Design Strategy

Learn how to explain an AI system in order to improve the user experience.

Design Strategy Overview

Based on industry and academic research, we propose the following design strategy for explainability in AI. This strategy is the beginning of a conversation; we hope you will experiment, play, use, and break what you see here and send us your feedback so that we can continue to iterate!

01. Users
Who are your users and why do they need an explanation?

Identify the distinct groups of people who are interested in explanations from your AI system and understand the nuances within these groups. There will likely be varying degrees of factors such as domain expertise, self-confidence, attitudes towards AI, and knowledge of how AI works, all of which can influence trust and how people understand the system. For each user group, identify what triggers a need for an explanation as well as the underlying motivations and expectations. 

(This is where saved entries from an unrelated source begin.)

(* an element of /\^p Z^N is given by its coordinates on the basis
   e_I = e_{i_1} /\ ... /\ e_{i_p}, I = {i_1 < ... < i_p} *)
Definition wedge (n : nat) (p : nat) (vs : 'I_p -> ivec n.+1)
    (I : {set 'I_n.+1}) : int :=
  if #|I| == p then \det (\matrix_(i < p, j < p) vs i (nth ord0 (enum I) j))
  else 0.

Definition basis_wedge (n : nat) (I : {set 'I_n.+1}) (J : {set 'I_n.+1}) : int :=
  (J == I)%:Z.

Definition in_Zspan_ext (n : nat) (G : ({set 'I_n.+1} -> int) -> Prop)
    (w : {set 'I_n.+1} -> int) : Prop :=
  exists (k : nat) (c : 'I_k -> int) (ws : 'I_k -> ({set 'I_n.+1} -> int)),
    (forall i, G (ws i)) /\ forall J, w J = \sum_i c i * ws i J.

(* N_p(sigma) = 0 for a face sigma (lifted to R^N) of V(g) ⊂ Y_rho.
   /\^p T_Z(Y_rho) = /\^p (Z^N / L) = /\^p Z^N / (L /\ /\^{p-1} Z^N), where
   L = <rays of rho>; the image of /\^p T_Z(sigma') is spanned by wedges of
   p vectors of the lifted lattice T_Z(sigma') ⊂ Z^N.  So N_p(sigma) = 0 iff
   every e_I is an integer combination of such wedges (sigma' ⊇ sigma a face
   of X in Y_rho) and of wedges having one factor in L. *)
Definition N_vanishes (R : realType) (n : nat) (rho : {fset ivec n.+1})
    (g : trop_poly R n.+1) (sigma : rvec R n.+1 -> Prop) (p : nat) : Prop :=
  forall I : {set 'I_n.+1}, #|I| = p ->
    in_Zspan_ext
      (fun w => exists vs : 'I_p -> ivec n.+1,
         w = wedge vs /\
         ((exists sigma', is_face g sigma' /\ (forall x, sigma x -> sigma' x) /\
              forall i, tangent_int sigma' (vs i))
          \/ (exists i, in_Zspan (enum_fset rho) (vs i))))
      (basis_wedge I).

From HB Require Import structures.
From mathcomp Require Import all_boot all_order all_algebra.
From mathcomp Require Import finmap.
From mathcomp Require Import reals.
From mathcomp Require Import perm lra zify.
From Stdlib Require Import FunctionalExtensionality.

Set Implicit Arguments.
Unset Strict Implicit.
Unset Printing Implicit Defensive.

Import Order.TTheory GRing.Theory Num.Theory.
Local Open Scope ring_scope.

(* Write sigma as the face dual to the cell conv{e_i : i in S} of the primitive triangulation,
   with a vertex i0 and edge vectors E_a = e_i - e_i0 (a < k).  Primitivity and unimodularity give
   integer vectors w_b with <E_a, w_b> = delta_ab, and the tangent space of sigma contains the
   common orthogonal of the E_a, so k > n - q - sed(sigma) >= p.  Writing each e_j as
   sum_b E_b(j) w_b plus a vector orthogonal to all E_a and expanding e_I multilinearly, every
   resulting p-fold wedge misses some w_a, so all its factors are orthogonal to E_a; they then lie
   in the tangent lattice of the face dual to the edge [e_i0, e_i] of the cell, a face containing
   sigma. *)

Lemma sum_ord_delta (V : pzRingType) (n l : nat) (F : nat -> V) : (l < n)%N ->
  \sum_(i < n) F i * (i == l :> nat)%:R = F l.
Proof.
move=> hl; rewrite (bigD1 (Ordinal hl)) //= eqxx mulr1 big1 ?addr0 // => i hi.
by rewrite (_ : (i == l :> nat) = false) ?mulr0 //; apply: contraNF hi => /eqP e; apply/eqP/val_inj.
Qed.

Section Lattice.
Variable N : nat.
Local Notation zvec := ([ffun=> 0] : ivec N).

Definition evec (j : 'I_N) : ivec N := [ffun j' => (j == j')%:Z].

Lemma idot_evec (m : ivec N) j : idot m (evec j) = m j.
Proof.
rewrite /idot (bigD1 j) //= ffunE eqxx mulr1 big1 ?addr0 // => i hi.
by rewrite ffunE eq_sym (negbTE hi) mulr0.
Qed.

Lemma idot_zcomb (m : ivec N) B c :
  idot m (zcomb B c) = \sum_(i < size B) c i * idot m (nth zvec B i).
Proof.
rewrite /idot; under eq_bigr => j _ do rewrite ffunE mulr_sumr.
rewrite exchange_big; apply: eq_bigr => i _; rewrite mulr_sumr.
by apply: eq_bigr => j _; rewrite mulrCA.
Qed.

Lemma zcomb_nth (B : seq (ivec N)) l : (l < size B)%N ->
  zcomb B (fun i => (i == l)%:Z) = nth zvec B l.
Proof.
move=> hl; apply/ffunP => j; rewrite ffunE -[RHS](sum_ord_delta (fun i => nth zvec B i j) hl).
by apply: eq_bigr => i _; rewrite mulrC natz.
Qed.

Lemma zcomb_inj L (B : seq (ivec N)) c c' : is_Zbasis L B -> zcomb B c = zcomb B c' ->
  forall i, (i < size B)%N -> c i = c' i.
Proof.
case=> _ _ hfree e i hi; apply/eqP; rewrite -subr_eq0; apply/eqP.
apply: (hfree (fun i => c i - c' i)) => //; apply/ffunP => j.
move/ffunP: e => /(_ j); rewrite !ffunE => e.
under eq_bigr => l _ do rewrite mulrBl.
by rewrite sumrB e subrr.
Qed.

Lemma Zbasis_coord B : is_Zbasis (fun _ => True) B ->
  exists y : nat -> ivec N, forall x, x = zcomb B (fun i => idot (y i) x).
Proof.
case=> _ hspan _.
have /fin_all_exists [c hc] : forall j, exists c, evec j = zcomb B c by move=> j; apply: hspan.
exists (fun i => [ffun j => c j i]) => x; apply/ffunP => j'.
rewrite ffunE -[LHS](idot_evec x) /idot.
under [RHS]eq_bigr => i _ do rewrite mulr_suml.
rewrite exchange_big /=; apply: eq_bigr => j _.
have -> : evec j' j = evec j j' by rewrite /evec !ffunE eq_sym.
rewrite hc ffunE mulr_sumr.
by apply: eq_bigr => i _; rewrite ffunE mulrCA mulrA.
Qed.

Section DualCoordinates.
Variables (B : seq (ivec N)) (y : nat -> ivec N).
Hypothesis hB : is_Zbasis (fun _ => True) B.
Hypothesis hy : forall x, x = zcomb B (fun i => idot (y i) x).

Lemma idot_coord_nth i l : (i < size B)%N -> (l < size B)%N ->
  idot (y i) (nth zvec B l) = (i == l)%:Z.
Proof.
move=> hi hl.
by have := zcomb_inj hB (etrans (esym (hy (nth zvec B l))) (esym (zcomb_nth hl))); apply.
Qed.

(* The transposed reconstruction formula: sum_i B_i (y_i)^T = Id forces sum_i y_i (B_i)^T = Id. *)
Lemma coord_expand (m : ivec N) j :
  m j = \sum_(i < size B) idot m (nth zvec B i) * y i j.
Proof.
rewrite -idot_evec {1}(hy (evec j)) idot_zcomb.
by apply: eq_bigr => i _; rewrite idot_evec mulrC.
Qed.

End DualCoordinates.

Definition is_dual (E : seq (ivec N)) (w : nat -> ivec N) : Prop :=
  forall a b, (a < size E)%N -> (b < size E)%N -> idot (nth zvec E a) (w b) = (a == b)%:Z.

Lemma is_dual_prefix E E' w : is_dual (E ++ E') w -> is_dual E w.
Proof.
move=> hw a b ha hb; have := hw a b; rewrite nth_cat ha size_cat => ->//; exact: ltn_addr.
Qed.
(* Let $X$, $Y_k$ ($k\in\mathbb N$) and norms $\|\cdot\|_{X\oplus Y_k}$ be as in the generalized $\ell^2$-sum setting. (A) For every $x+\sum_k y_k\in\Sigma(X\oplus Y_k)$, $$\max\Big\{\|x\|_X,\tfrac12\Big(\sum_k\|y_k\|_{Y_k}^2\Big)^{1/2}\Big\}\le\Big\|x+\sum_k y_k\Big\|_\Sigma\le\|x\|_X+\Big(\sum_k\|y_k\|_{Y_k}^2\Big)^{1/2}.$$ In particular, $(\Sigma(X\oplus Y_k),\|\cdot\|_\Sigma)$ is isomorphic to the standard $\ell^2$-sum of $X,Y_1,Y_2,\dots$. (B) The dual norm of $\|\cdot\|_\Sigma$ satisfies, for $x^*\in X^*$, $y_k^*\in Y_k^*$ with $\sum_k\|y_k^*\|_{Y_k}^2<\infty$, $$\max\Big\{\|x^*\|_X,\Big(\sum_k\|y_k^*\|_{Y_k}^2\Big)^{1/2}\Big\}\le\Big\|x^*+\sum_k y_k^*\Big\|_\Sigma\le\|x^*\|_X+2\Big(\sum_k\|y_k^*\|_{Y_k}^2\Big)^{1/2}.$$
   Context: Setting: $(X,\|\cdot\|_X)$ and $(Y_k,\|\cdot\|_{Y_k})$, $k\in\mathbb N$, are Banach spaces; for each $k$, $\|\cdot\|_{X\oplus Y_k}$ is a norm on $X\oplus Y_k$ coinciding with $\|\cdot\|_X$ on $X$ and with $\|\cdot\|_{Y_k}$ on $Y_k$, and monotone: $\|x+y_k\|_{X\oplus Y_k}\ge\|x\|_X$. Duals of direct sums are identified with direct sums of duals via $(x^*+y^* )(x+y)=x^*(x)+y^*(y)$. $\Lambda(X\oplus Y_k)$ is the set of functionals $x^*+\sum_k\alpha_ky_k^*$ with $x^*\in X^*$, $y_k^*\in Y_k^*$, $\|x^*+y_k^*\|_{X\oplus Y_k}\le1$ for all $k$, $0\le\alpha_k\le1$, $\sum\alpha_k^2\le1$. $\Sigma(X\oplus Y_k)=\{x+y_1+y_2+\dots:x\in X,y_k\in Y_k,\sum\|y_k\|_{Y_k}^2<\infty\}$ with $\|z\|_\Sigma=\sup\{|z^*(z)|:z^*\in\Lambda(X\oplus Y_k)\}$; the dual norm is also denoted $\|\cdot\|_\Sigma$. *)

From HB Require Import structures.
From mathcomp Require Import all_boot all_order all_algebra.
From mathcomp Require Import all_classical all_reals all_analysis.
Set Implicit Arguments. Unset Strict Implicit. Unset Printing Implicit Defensive.
Import Order.TTheory GRing.Theory Num.Theory.
Import numFieldNormedType.Exports.
Local Open Scope classical_set_scope.
Local Open Scope ring_scope.

Definition rsum (R : realType) (u : nat -> R) : R := limn (series u).

Definition summable_nn (R : realType) (u : nat -> R) : Prop := cvgn (series u).

(* Elements of the dual V^star: continuous (= bounded) linear functionals. *)
Definition dual_elt (R : realType) (V : normedModType R) (f : V -> R) : Prop :=
  (forall (a : R) (u v : V), f (a *: u + v) = a * f u + f v) /\
  exists C : R, forall v : V, `|f v| <= C * `|v|.

Definition dnorm (R : realType) (V : normedModType R) (f : V -> R) : R :=
  sup [set r | exists v : V, `|v| <= 1 /\ r = `|f v|].

(* N is a norm on X (+) Y (given on pairs (x, y), i.e. x + y), coinciding
   with the norm of X on X and with the norm of Y on Y, and monotone. *)
Definition sum_norm (R : realType) (X Y : normedModType R) (N : X -> Y -> R) : Prop :=
  [/\ (forall x y, N x y = 0 -> x = 0 /\ y = 0),
      (forall x1 y1 x2 y2, N (x1 + x2) (y1 + y2) <= N x1 y1 + N x2 y2),
      (forall (a : R) x y, N (a *: x) (a *: y) = `|a| * N x y),
      (forall x, N x 0 = `|x|) /\ (forall y, N 0 y = `|y|) &
      (forall x y, `|x| <= N x y)].

(* Dual norm of x^star + y^star in dual of (X (+) Y, N), via (x^star+y^star)(x+y) = x^star(x)+y^star(y). *)
Definition dnorm_sum (R : realType) (X Y : normedModType R) (N : X -> Y -> R)
  (xs : X -> R) (ys : Y -> R) : R :=
  sup [set r | exists x y, N x y <= 1 /\ r = `|xs x + ys y|].

Section Sigma.
Variables (R : realType) (X : normedModType R) (Y : nat -> normedModType R)
  (N : forall k, X -> Y k -> R).

(* y = (y_k) with sum_k ||y_k||^2 < oo, i.e. x + y_1 + y_2 + ... in Sigma. *)
Definition in_Sigma (y : forall k, Y k) : Prop :=
  summable_nn (fun k => `|y k| ^+ 2).

(* x^star + sum_k alpha_k y_k^star belongs to Lambda(X (+) Y_k). *)
Definition in_Lambda (xs : X -> R) (ys : forall k, Y k -> R) (al : nat -> R) : Prop :=
  [/\ dual_elt xs, (forall k, dual_elt (ys k)),
      (forall k, dnorm_sum (@N k) xs (ys k) <= 1),
      (forall k, 0 <= al k <= 1) &
      summable_nn (fun k => al k ^+ 2) /\ rsum (fun k => al k ^+ 2) <= 1].

Definition Lambda_eval (xs : X -> R) (ys : forall k, Y k -> R) (al : nat -> R)
  (x : X) (y : forall k, Y k) : R :=
  xs x + rsum (fun k => al k * ys k (y k)).

Definition Sigma_norm (x : X) (y : forall k, Y k) : R :=
  sup [set r | exists xs ys al, in_Lambda xs ys al /\ r = `|Lambda_eval xs ys al x y|].

(* dual norm || x^star + sum_k y_k^star ||_Sigma, the functional acting on Sigma by
   (x + sum_k y_k) |-> x^star(x) + sum_k y_k^star(y_k). *)
Definition Sigma_dnorm (xs : X -> R) (ys : forall k, Y k -> R) : R :=
  sup [set r | exists x y, in_Sigma y /\ Sigma_norm x y <= 1 /\
                           r = `|xs x + rsum (fun k => ys k (y k))|].

Definition l2sum_norm (x : X) (y : forall k, Y k) : R :=
  Num.sqrt (`|x| ^+ 2 + rsum (fun k => `|y k| ^+ 2)).

End Sigma.
Lemma codeword_pauli_inner r (p : 'I_(2 ^ r + 3) -> 'I_4) : (3 <= r)%N -> (pweight p < 3)%N ->
  exists c, forall j' k : 'I_2,
    inner (codewords r j') (apply_op (pauli_op p) (codewords r k)) = (j' == k)%:R * c.
Proof.
move=> r3 pw; have [i [j [ij pij]]] := pauli_support_pair (ltn_addl _ (isT : 1 < 3)%N) pw.
exists (code_pair_mean r (pair_kernel p i j)) => j' k; rewrite inner_pauliE.
under eq_bigr do rewrite (codeword_pauli_term _ _ _ r3 ij pij).
by rewrite -mulr_sumr sum_sqr_profile_pair.
Qed.

Lemma codewords_orthonormal r (j k : 'I_2) : (3 <= r)%N ->
  inner (codewords r j) (codewords r k) = (j == k)%:R.
Proof.
move=> r3; pose i0 : 'I_(2 ^ r + 3) := Ordinal (ltn_addl _ (isT : 0 < 3)%N).
pose i1 : 'I_(2 ^ r + 3) := Ordinal (ltn_addl _ (isT : 1 < 3)%N).
rewrite /inner; under eq_bigr do rewrite !codewordsE profile_conj // profile_mul // -[_ ^+ 2]mulr1.
by rewrite -mulr_sumr (@sum_sqr_profile_pair r k i0 i1 (fun _ _ => 1)) // code_pair_mean1 ?mulr1.
Qed.

Lemma is_code_codewords r : (3 <= r)%N -> is_code 3 (codewords r).
Proof.
move=> r3; split=> [j k|p pw]; first exact: codewords_orthonormal.
have [c Hc] := codeword_pauli_inner r3 pw; exists c.
by apply: in_span_inner_op => // j k; apply: codewords_orthonormal.
Qed.

(** * Permutation invariance and non-additivity *)

Lemma perm_invariant_codewords r : perm_invariant (codewords r).
Proof.
move=> psi [a psiE] s x; rewrite !psiE /comb; apply: eq_bigr => k _.
by rewrite !codewordsE hweight_perm.
Qed.

Lemma triple_products_one (T : eqType) (s : T -> algC) (i0 i1 i2 i3 : T) :
  [/\ i0 != i1, i0 != i2, i0 != i3 & [/\ i1 != i2, i1 != i3 & i2 != i3]] ->
  (forall u v w, u != v -> u != w -> v != w -> s u * s v * s w = 1) ->
  s i2 ^+ 2 = 1 -> s i0 = 1.
Proof.
move=> [d01 d02 d03 [d12 d13 d23]] s3 s2.
have t1 := s3 _ _ _ d01 d02 d12; have t2 := s3 _ _ _ d01 d03 d13.
have s01 : s i0 * s i1 != 0 by apply: contra_eq_neq t1 => ->; rewrite mul0r eq_sym oner_neq0.
have e23 : s i2 = s i3 by apply: (mulfI s01); rewrite t1 t2.
by rewrite -(s3 _ _ _ d02 d03 d23) -e23 -mulrA -expr2 s2 mulr1.
Qed.

Section StabilizingPauli.

Variables (r k : nat) (A : qop (2 ^ r + 3)) (p : 'I_(2 ^ r + 3) -> 'I_4).
Hypothesis r3 : (3 <= r)%N.
Hypothesis AE : forall y x, A y x = 'i ^+ k * pauli_op p y x.
Hypothesis A_fix : forall (j : 'I_2) y, apply_op A (codewords r j) y = codewords r j y.

Let a := pauli_flips p.

Lemma stab_codewordE j y :
  'i ^+ k * (pauli_phases p (xorv a y) * codewords r j (xorv a y)) = codewords r j y.
Proof. by rewrite -(apply_scaled_pauliE _ _ AE) A_fix. Qed.

Lemma stab_support j y : profile_support r j (hweight y) ->
  profile_support r j (hweight (xorv a y)).
Proof.
move=> /(profile_neq0 r3); rewrite -codewordsE -stab_codewordE !mulf_eq0 negb_or => /andP[_].
rewrite negb_or => /andP[_]; rewrite codewordsE; apply: contraR => /profile_eq0->.
by rewrite eqxx.
Qed.

Lemma stab_no_flips l : a l = false.
Proof.
have h8 := exp2_ge8 r3; pose z := indicator (set0 : {set 'I_(2 ^ r + 3)}).
have za : xorv a z = a by apply/ffunP => i; rewrite !ffunE inE.
have := @stab_support ord0 z; rewrite za hweight_indicator cards0 /profile_support /=.
case/(_ isT)/orP => /eqP aw.
  by move: aw; rewrite hweightE => /card0_eq/(_ l); rewrite !inE.
have [B] : exists B, B \in [set B : {set 'I_(2 ^ r + 3)} | B \subset [set l | a l] & #|B| == 3%N].
  by apply/card_gt0P; rewrite cards_draws bin_gt0 -hweightE aw; lia.
rewrite inE => /andP[sB /eqP B3].
have := @stab_support (Ordinal (isT : 1 < 2)%N) (indicator B).
rewrite hweight_indicator B3 /profile_support /= => /(_ isT).
have -> : hweight (xorv a (indicator B)) = (2 ^ r - 3)%N.
  rewrite hweightE (_ : [set l | xorv a (indicator B) l] = [set l | a l] :\: B).
    by rewrite cardsDS // B3 -hweightE aw.
  apply/setP => i; rewrite !inE !ffunE; case: (boolP (i \in B)) => iB //=.
  by have := subsetP sB i iB; rewrite inE /a ffunE => ->.
by move/orP => [] /eqP; lia.
Qed.

Lemma stab_no_flipsE y : xorv a y = y.
Proof. by apply/ffunP => l; rewrite ffunE stab_no_flips addbF. Qed.

Lemma stab_codeword_diagE j y : 'i ^+ k * pauli_phases p y * codewords r j y = codewords r j y.
Proof. by rewrite -mulrA -{2}(stab_codewordE j y) stab_no_flipsE. Qed.

Lemma stab_phases_on_support j y : profile_support r j (hweight y) -> 'i ^+ k * pauli_phases p y = 1.
Proof.
move=> /(profile_neq0 r3); rewrite -codewordsE => cw0.
by apply: (mulIf cw0); rewrite stab_codeword_diagE mul1r.
Qed.

Lemma stab_scalar : 'i ^+ k = 1 :> algC.
Proof.
have := @stab_phases_on_support ord0 (indicator set0); rewrite hweight_indicator cards0 => /(_ isT).
rewrite /pauli_phases big1 ?mulr1 // => l _.
by rewrite ffunE inE pauli_phase_false // -(ffunE (fun l => pauli_flip (p l))) stab_no_flips.
Qed.

Lemma stab_no_phase_flips l : ~~ pauli_flip (p l).
Proof. by have := stab_no_flips l; rewrite ffunE => ->. Qed.

Lemma stab_phase_triples u v w : u != v -> u != w -> v != w ->
  pauli_phase (p u) true * pauli_phase (p v) true * pauli_phase (p w) true = 1.
Proof.
move=> uv uw vw; have uvw : [set u; v; w] = u |: (v |: [set w]).
  by apply/setP => l; rewrite !inE orbA.
have card3 : #|[set u; v; w]| = 3%N by rewrite uvw !cardsU1 !inE cards1 negb_or uv uw vw.
have := @stab_phases_on_support (Ordinal (isT : 1 < 2)%N) (indicator [set u; v; w]).
rewrite hweight_indicator card3 stab_scalar mul1r => /(_ isT) <-.
rewrite /pauli_phases [RHS](bigID (mem [set u; v; w])) /= [X in _ = _ * X]big1 ?mulr1; last first.
  by move=> l /negbTE lB; rewrite ffunE lB pauli_phase_false ?stab_no_phase_flips.
rewrite uvw !big_setU1 ?big_set1 /= ?inE ?negb_or ?uv ?uw ?vw //= !ffunE !inE !eqxx ?orbT.
by rewrite mulrA.
Qed.

Lemma stab_fixes_weight1 (i0 i1 i2 i3 : 'I_(2 ^ r + 3)) y :
  [/\ i0 != i1, i0 != i2, i0 != i3 & [/\ i1 != i2, i1 != i3 & i2 != i3]] ->
  apply_op A (fun y => (y == indicator [set i0])%:R) y = (y == indicator [set i0])%:R.
Proof.
move=> dist; have s0 : pauli_phase (p i0) true = 1.
  by apply: (triple_products_one dist stab_phase_triples); rewrite sqr_pauli_phase ?stab_no_phase_flips.
rewrite (apply_scaled_pauliE _ _ AE) stab_no_flipsE stab_scalar mul1r.
case: eqP => [->|_]; last by rewrite mulr0.
rewrite mulr1 /pauli_phases (bigD1 i0) //= big1 ?mulr1 ?ffunE ?inE ?eqxx //.
by move=> l li0; rewrite ffunE inE (negbTE li0) pauli_phase_false ?stab_no_phase_flips.
Qed.
(* Let $X$ be a separable Banach space over $\mathbb{K}\in\{\mathbb{R},\mathbb{C}\}$ and $T\colon X\to X$ a bounded linear operator. Then $\mathrm{Prox}_k(T)$ is dense in $X^k$ for every $k\geq 2$ if and only if there exist a sequence $\{p_n\}$ in $\mathbb{N}$ and a dense subset $K$ of $X$ such that $\lim_{n\to\infty}T^{p_n}x=0$ for every $x\in K$.
   Context: For $k\geq 2$, $\mathrm{Prox}_k(T)=\{(x_1,\dots,x_k)\in X^k: \liminf_{n\to\infty}\max_{1\leq i<j\leq k}\|T^nx_i-T^nx_j\|=0\}$. *)

From HB Require Import structures.
From mathcomp Require Import all_boot all_order all_algebra.
From mathcomp Require Import all_classical all_reals all_analysis.
From mathcomp Require Export complex.
Import numFieldNormedType.Exports.
Import Order.TTheory GRing.Theory Num.Theory.

Set Implicit Arguments.
Unset Strict Implicit.
Unset Printing Implicit Defensive.

Local Open Scope classical_set_scope.
Local Open Scope ring_scope.

Definition separable (X : topologicalType) : Prop :=
  exists D : set X, countable D /\ dense D.

Definition bounded_op (K : numDomainType) (X : normedModType K)
  (T : X -> X) : Prop :=
  exists M : K, forall x : X, `|T x| <= M * `|x|.

Definition prox_maxdist (K : numDomainType) (X : normedModType K)
  (k : nat) (T : X -> X) (x : 'I_k -> X) (n : nat) : K :=
  \big[Num.max/0]_(i < k) \big[Num.max/0]_(j < k | (i < j)%N)
     `|iter n T (x i) - iter n T (x j)|.

Arguments prox_maxdist {K X} k T x n.

(* Prox_k(T) = { (x_1..x_k) : liminf_n max_{i<j} |T^n x_i - T^n x_j| = 0 },
   as a subset of X^k, here the space 'I_k -> X with the product
   (pointwise) topology. *)
Definition Prox (R : realType) (X : normedModType R) (k : nat) (T : X -> X)
  : set {ptws 'I_k -> X} :=
  [set x | limn_einf (fun n => (prox_maxdist k T x n)%:E) = 0%E].

(* Same for scalars in C = R[i]; the norm of X is R[i]-valued but real
   (nonnegative), so we take its real part ('Re). *)
Definition ProxC (R : realType) (X : normedModType R[i]) (k : nat)
  (T : X -> X) : set {ptws 'I_k -> X} :=
  [set x | limn_einf (fun n => (complex.Re (prox_maxdist k T x n))%:E) = 0%E].

Arguments Prox {R X} k T.
Arguments ProxC {R X} k T.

By identifying and understanding your users, you can ensure the explanation matches their needs and capabilities.There are typically four distinct groups to consider:

User Group

Decision Makers

The people making decisions with AI
WHO

Decision makers are people who use the recommendations of an AI system to make a decision, such as a physician or loan officer.

WHY

Decision makers seek explanations that can build their trust and confidence in the system’s recommendations and possibly provide them with additional insight to improve their future decisions and understanding of the system. These users will have a high need for domain sophistication, but will also have less tolerance for complex explanations.

User Group

Affected Users

The people affected by the decisions
WHO

Affected users are people who are impacted by the recommendations made by an AI system, such as patients or loan applicants. In some scenarios, a person may be both a decision maker and affected user.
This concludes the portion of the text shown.